Q: the transformations looks similar to existing SFI, so to what do you attribute this improvement in performance? Dealing with complex kernel API and enforcing fine-grained sharing. Previous work did a lot more copying or had expensive crossing of protection domains, in order to deal with complex sharing.
Q: you’re redoing virtual memory protection with a complex compiler? Why not just use a microkernel? The performance can’t be that bad? The goal was to support existing drivers that run on existing operating systems with good performance. Could you do the same transformations on existing code to run in separate address spaces? Maybe, but don’t know of a way to do this. Goal was to deal with existing drivers on existing OS.
Q: could you just insert latent compiler-inserted checks to avoid zero-day exploits, which are only turned on on zero-day? An interesting idea, but it’s better if you can cheaply run it all the time in deployed systems… you will find more bugs this way.

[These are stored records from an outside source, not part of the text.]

Definition is_metric (T : Type) (d : T -> T -> \bar R) : Prop :=
  [/\ forall x, d x x = 0,
      forall x y z, d x z <= d x y + d y z &
      forall x y, 0 <= d x y].

Definition separated (T : Type) (d : T -> T -> \bar R) : Prop :=
  forall x y, d x y = 0 -> d y x = 0 -> x = y.

Definition upper_continuous (T : topologicalType) (d : T -> T -> \bar R) : Prop :=
  forall u : R, open [set p : T * T | u%:E < d p.1 p.2].
End Defs.

Record MetCH (R : realType) := MkMetCH {
  mc_sort :> topologicalType;
  mc_d : mc_sort -> mc_sort -> \bar R;
  mc_compact : compact [set: mc_sort];
  mc_hausdorff : hausdorff_space mc_sort;
  mc_is_metric : is_metric mc_d;
  mc_separated : separated mc_d;
  mc_continuous : upper_continuous mc_d }.
Arguments mc_d {R} m _ _.

Definition is_mor {R : realType} (T1 T2 : topologicalType)
  (d1 : T1 -> T1 -> \bar R) (d2 : T2 -> T2 -> \bar R) (f : T1 -> T2) : Prop :=
  continuous f /\ forall x y, d2 (f x) (f y) <= d1 x y.

Definition cop (X : topologicalType) : topologicalType :=
  {i : bool & (fun _ : bool => X) i}.

Definition cop_d {R : realType} (X : MetCH R) (u v : cop (mc_sort X)) : \bar R :=
  if tag u == tag v then mc_d X (projT2 u) (projT2 v) else +oo.


Record bin_submetric (R : realType) (X : MetCH R) := MkBinSubmetric {
  bs_g :> cop (mc_sort X) -> cop (mc_sort X) -> \bar R;
  bs_is_metric : is_metric bs_g;
  bs_continuous : upper_continuous bs_g;
  bs_below : forall u v, bs_g u v <= cop_d u v }.

Section Corelation.
Context {R : realType} (X : MetCH R) (g : bin_submetric X).

Definition sim_g (u v : cop (mc_sort X)) : bool := (g u v == 0) && (g v u == 0).

Lemma sim_g_refl : reflexive sim_g.
Proof. by move=> u; rewrite /sim_g; case: (bs_is_metric g) => -> _ _; rewrite eqxx. Qed.

Lemma sim_g_sym : symmetric sim_g.
Proof. by move=> u v; rewrite /sim_g andbC. Qed.

Lemma sim_g_trans : transitive sim_g.
Proof.
have [_ tr ge0] := bs_is_metric g.
have H a b c : g a b = 0 -> g b c = 0 -> g a c = 0.
  move=> ab bc; apply/eqP; rewrite eq_le ge0 andbT.
  by have := tr a b c; rewrite ab bc adde0.
move=> v u w /andP[/eqP uv /eqP vu] /andP[/eqP vw /eqP wv].
by rewrite /sim_g (H _ _ _ uv vw) (H _ _ _ wv vu) eqxx.
Qed.

Definition sim_g_equiv := EquivRel sim_g sim_g_refl sim_g_sym sim_g_trans.

(** The codomain S := (X + X)/~_g of the associated corelation,
    with the quotient topology ... *)
Definition corel_S : topologicalType :=
  quotient_topology {eq_quot sim_g_equiv}.

(** ... and the metric ([u],[v]) |-> g(u,v) (independent of representatives). *)
Definition corel_d (a b : corel_S) : \bar R := g (repr a) (repr b).

Definition corel_q (i : bool) (x : mc_sort X) : corel_S :=
  \pi_{eq_quot sim_g_equiv} (existT (fun _ : bool => mc_sort X) i x).

End Corelation.
Arguments corel_d {R X} g _ _.
Arguments corel_q {R X} g i x.

Section Properties.
Context {R : realType} (X : MetCH R) (g : bin_submetric X).
Local Notation S := (corel_S g).
Local Notation dS := (corel_d g).
Local Notation q0 := (corel_q g false).
Local Notation q1 := (corel_q g true).

Definition corel_reflexive : Prop :=
  exists e : S -> mc_sort X, is_mor dS (mc_d X) e /\
    forall x, e (q0 x) = x /\ e (q1 x) = x.

Definition corel_symmetric : Prop :=
  exists s : S -> S, is_mor dS dS s /\
    forall x, s (q0 x) = q1 x /\ s (q1 x) = q0 x.

Definition is_pushout (P : MetCH R) (l0 l1 : S -> mc_sort P) : Prop :=
  [/\ is_mor dS (mc_d P) l0, is_mor dS (mc_d P) l1,
      (forall x, l0 (q1 x) = l1 (q0 x)) &
      forall (Y : MetCH R) (f0 f1 : S -> mc_sort Y),
        is_mor dS (mc_d Y) f0 -> is_mor dS (mc_d Y) f1 ->
        (forall x, f0 (q1 x) = f1 (q0 x)) ->
        exists h : mc_sort P -> mc_sort Y,
          [/\ is_mor (mc_d P) (mc_d Y) h,
              (forall a, h (l0 a) = f0 a), (forall a, h (l1 a) = f1 a) &
              forall h' : mc_sort P -> mc_sort Y, is_mor (mc_d P) (mc_d Y) h' ->
                (forall a, h' (l0 a) = f0 a) -> (forall a, h' (l1 a) = f1 a) ->
                h' = h]].

Definition corel_transitive : Prop :=
  exists (P : MetCH R) (l0 l1 : S -> mc_sort P), is_pushout l0 l1 /\
    exists t : S -> mc_sort P, is_mor dS (mc_d P) t /\
      forall x, t (q0 x) = l0 (q0 x) /\ t (q1 x) = l1 (q1 x).

Definition equivalence_submetric : Prop :=
  [/\ corel_reflexive, corel_symmetric & corel_transitive].
End Properties.
Arguments corel_reflexive {R X} g.
Arguments corel_symmetric {R X} g.
Arguments is_pushout {R X} g P l0 l1.
Arguments corel_transitive {R X} g.
Arguments equivalence_submetric {R X} g.

Definition cpt {X : topologicalType} (x : X) (i : bool) : cop X :=
  existT (fun _ : bool => X) i x.

(* Collapsing and swapping the two copies of X induce morphisms out of S exactly when g
   dominates d and is invariant under the swap.  For such g the pushout of q1 and q0 is the
   Kolmogorov quotient of three copies X_0, X_1, X_2 of X, where g gives the distances within
   X_0 + X_1 and within X_1 + X_2, and the distance from X_0 to X_2 is the composite
   inf_z g((x,0),(z,1)) + g((z,0),(y,1)); it is upper continuous because X is compact.
   Comparing a transitivity map with this explicit pushout through the universal property
   shows that g((x,0),(y,1)) is at least the composite, and when the two agree the
   embedding of X + X onto X_0 + X_2 is a transitivity map.  The reverse inequality is the
   triangle inequality through (z,1), since g((z,1),(y,1)) <= d(z,y) <= g((z,0),(y,1)). *)

From Pilot Require Import Defs.
From HB Require Import structures.
From mathcomp Require Import all_boot all_order all_algebra.
From mathcomp Require Import all_classical all_reals all_analysis.
From mathcomp Require Import generic_quotient lra.
Set Implicit Arguments. Unset Strict Implicit. Unset Printing Implicit Defensive.
Import Order.TTheory GRing.Theory Num.Theory.
Local Open Scope classical_set_scope.
Local Open Scope ring_scope.
Local Open Scope ereal_scope.
Local Open Scope quotient_scope.

Section ExtendedReals.
Context {R : realType}.

Lemma lte_EFin_between (c : R) (e : \bar R) :
  c%:E < e -> exists2 v : R, (c < v)%R & v%:E < e.
Proof.
case: e => [r| |] //= ce; last by exists (c + 1)%R; [lra | exact: ltry].
by exists ((c + r) / 2)%R; move: ce; rewrite !lte_fin => ?; lra.
Qed.

Lemma lte_adde_split (v : R) (a b : \bar R) : 0 <= a -> 0 <= b -> v%:E < a + b ->
  exists a' b' : R, [/\ a'%:E < a, b'%:E < b & (a' + b')%R = v].
Proof.
case: a => [r| |]; case: b => [s| |] //= _ _.
- rewrite -EFinD lte_fin => vrs.
  exists (r - (r + s - v) / 2)%R, (s - (r + s - v) / 2)%R.
  by rewrite !lte_fin; split; lra.
- by move=> _; exists (r - 1)%R, (v - r + 1)%R; rewrite lte_fin ltry; split => //; lra.
- by move=> _; exists (v - s + 1)%R, (s - 1)%R; rewrite lte_fin ltry; split => //; lra.
- by move=> _; exists v, 0%R; rewrite !ltry; split => //; lra.
Qed.

Lemma le_adde_ereal_inf (T : Type) (a c : \bar R) (f : T -> \bar R) :
  0 <= a -> (forall z, 0 <= f z) -> (forall z, c <= a + f z) ->
  c <= a + ereal_inf (range f).
Proof.
move=> a0 f0 cf; have inf0 : 0 <= ereal_inf (range f).
  by apply: le_ereal_inf_tmp => _ [z _ <-].
case: a a0 cf => [r| |] // _ cf; last by rewrite addye ?leey // gt_eqF // (lt_le_trans ltNy0).
rewrite -leeBlDl //; apply: le_ereal_inf_tmp => _ [z _ <-].
by rewrite leeBlDl.
Qed.

End ExtendedReals.

Lemma hausdorff_prod (U V : topologicalType) :
  hausdorff_space U -> hausdorff_space V -> hausdorff_space (U * V)%type.
Proof.
move=> hU hV [p1 p2] [q1 q2] cl; congr pair; [apply: hU | apply: hV] => A B nA nB.
- have nAT : nbhs (p1, p2) (A `*` setT) by exists (A, setT) => //; split => //; exact: filterT.
  have nBT : nbhs (q1, q2) (B `*` setT) by exists (B, setT) => //; split => //; exact: filterT.
  by have [[x y] [[Ax _] [Bx _]]] := cl _ _ nAT nBT; exists x.
- have nTA : nbhs (p1, p2) (setT `*` A) by exists (setT, A) => //; split => //; exact: filterT.
  have nTB : nbhs (q1, q2) (setT `*` B) by exists (setT, B) => //; split => //; exact: filterT.
  by have [[x y] [[_ Ay] [_ By]]] := cl _ _ nTA nTB; exists y.
Qed.

Lemma fst_continuous (U V : topologicalType) : continuous (@fst U V).
Proof. by move=> p; exact: cvg_fst. Qed.

Lemma snd_continuous (U V : topologicalType) : continuous (@snd U V).
Proof. by move=> p; exact: cvg_snd. Qed.

Lemma continuous_pair (U V W : topologicalType) (f : U -> V) (h : U -> W) :
  continuous f -> continuous h -> continuous (fun u => (f u, h u)).
Proof.
by move=> fc hc u; apply: (@cvg_pair _ _ _ _ (nbhs (f u)) (nbhs (h u))); [exact: fc | exact: hc].
Qed.

Lemma sigT_fun_continuous (I : choiceType) (Y Z : topologicalType) (f : I -> Y -> Z) :
  (forall i, continuous (f i)) ->
  continuous (fun u : {i : I & (fun=> Y) i} => f (projT1 u) (projT2 u)).
Proof.
move=> fc; have -> : (fun u : {i : I & (fun=> Y) i} => f (projT1 u) (projT2 u)) =
  unstable.sigT_fun f by apply/funext => -[].
exact: sigT_continuous.
Qed.

Section LowerSemicontinuity.
Context {R : realType}.

Lemma upper_continuousP (T : topologicalType) (d : T -> T -> \bar R) :
  upper_continuous d <-> lower_semicontinuous (fun p : T * T => d p.1 p.2).
Proof. by rewrite lower_semicontinuousP. Qed.

Lemma lower_semicontinuous_comp (U V : topologicalType) (h : U -> V) (f : V -> \bar R) :
  continuous h -> lower_semicontinuous f -> lower_semicontinuous (f \o h).
Proof.
move=> hc /lower_semicontinuousP fl; apply/lower_semicontinuousP => a.
exact: (open_comp (fun u _ => hc u) (fl a)).
Qed.

Lemma lower_semicontinuousD (U : topologicalType) (f h : U -> \bar R) :
  (forall u, 0 <= f u) -> (forall u, 0 <= h u) ->
  lower_semicontinuous f -> lower_semicontinuous h -> lower_semicontinuous (f \+ h).
Proof.
move=> f0 h0 fl hl u a /(lte_adde_split (f0 u) (h0 u)) [a' [b' [fa hb <-]]].
have [V nV Vf] := fl u a' fa; have [W nW Wh] := hl u b' hb.
exists (V `&` W); first exact: filterI.
by move=> w [/Vf fw /Wh hw]; rewrite EFinD lteD.
Qed.

Lemma lower_semicontinuous_ereal_inf (U Z : topologicalType) (f : U -> Z -> \bar R) :
  compact [set: Z] -> lower_semicontinuous (fun p : U * Z => f p.1 p.2) ->
  lower_semicontinuous (fun u => ereal_inf (range (f u))).
Proof.
move=> Zc fl u0 c /lte_EFin_between[v cv vinf].
have near_gt z : [set: Z] z -> \forall z' \near z & u \near u0, v%:E < f u z'.
  move=> _; have vf : v%:E < f u0 z.
    by apply: (lt_le_trans vinf); apply: ereal_inf_lbound; exists z.
  have [V [[A B] [/= nA nB] AB] Vf] := fl (u0, z) v vf.
  exists (B, A) => // -[z' u] [/= Bz' Au].
  exact: (Vf (u, z') (AB (u, z') (conj Au Bz'))).
exists [set u | [set: Z] `<=` (fun z => v%:E < f u z)].
  exact: (compact_near_coveringP _).1 Zc _ _ (fun u z => v%:E < f u z) _ near_gt.
move=> u fu.
apply: (@lt_le_trans _ _ v%:E); first by rewrite lte_fin.
by apply: le_ereal_inf_tmp => _ [z _ <-]; apply/ltW/fu.
Qed.

Lemma sigT_upper_continuous (I : choiceType) (Y : topologicalType)
    (D : I -> I -> Y -> Y -> \bar R) :
  (forall k l, lower_semicontinuous (fun p : Y * Y => D k l p.1 p.2)) ->
  upper_continuous (fun u v : {k : I & (fun=> Y) k} =>
    D (projT1 u) (projT1 v) (projT2 u) (projT2 v)).
Proof.
move=> Dl c; rewrite openE => -[[k x] [l y]] /= cD.
have [V [[A B] [/= nA nB] AB] VD] := Dl k l (x, y) c cD.
exists (existT _ k @` A, existT _ l @` B); first by split; exact: existT_nbhs.
by move=> [_ _] /= [[x' Ax' <-] [y' By' <-]]; apply: (VD (x', y')); apply: AB.
Qed.

End LowerSemicontinuity.

(** * Kolmogorov quotients *)

Section Indistinguishability.
Context {R : realType} {T : Type} (d : T -> T -> \bar R).
Hypothesis dm : is_metric d.

Definition indist (u v : T) : bool := (d u v == 0) && (d v u == 0).

Let d_ge0 u v : 0 <= d u v. Proof. by case: dm. Qed.
Let d_triangle u v w : d u w <= d u v + d v w. Proof. by case: dm. Qed.

Lemma indist_refl : reflexive indist.
Proof. by move=> u; rewrite /indist; case: dm => -> _ _; rewrite eqxx. Qed.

Tolerating Hardware Device Failures in Software
Device drivers assume device perfection. But we can see hardware-dependence bugs across driver classes. Transient failures cause 8% of all unplanned reboots. The existing solution is to hand-code a hardened driver, which gets this down to 3%. What can we do with software fault tolerance? Detect hardware failures and perform recovery in software.
Where do bugs come from? Device wear-out, insufficient burn-in, bridging faults, EMF radiation, firmware bugs, corrupted inputs, timing errors, unpredictable DMA, etc.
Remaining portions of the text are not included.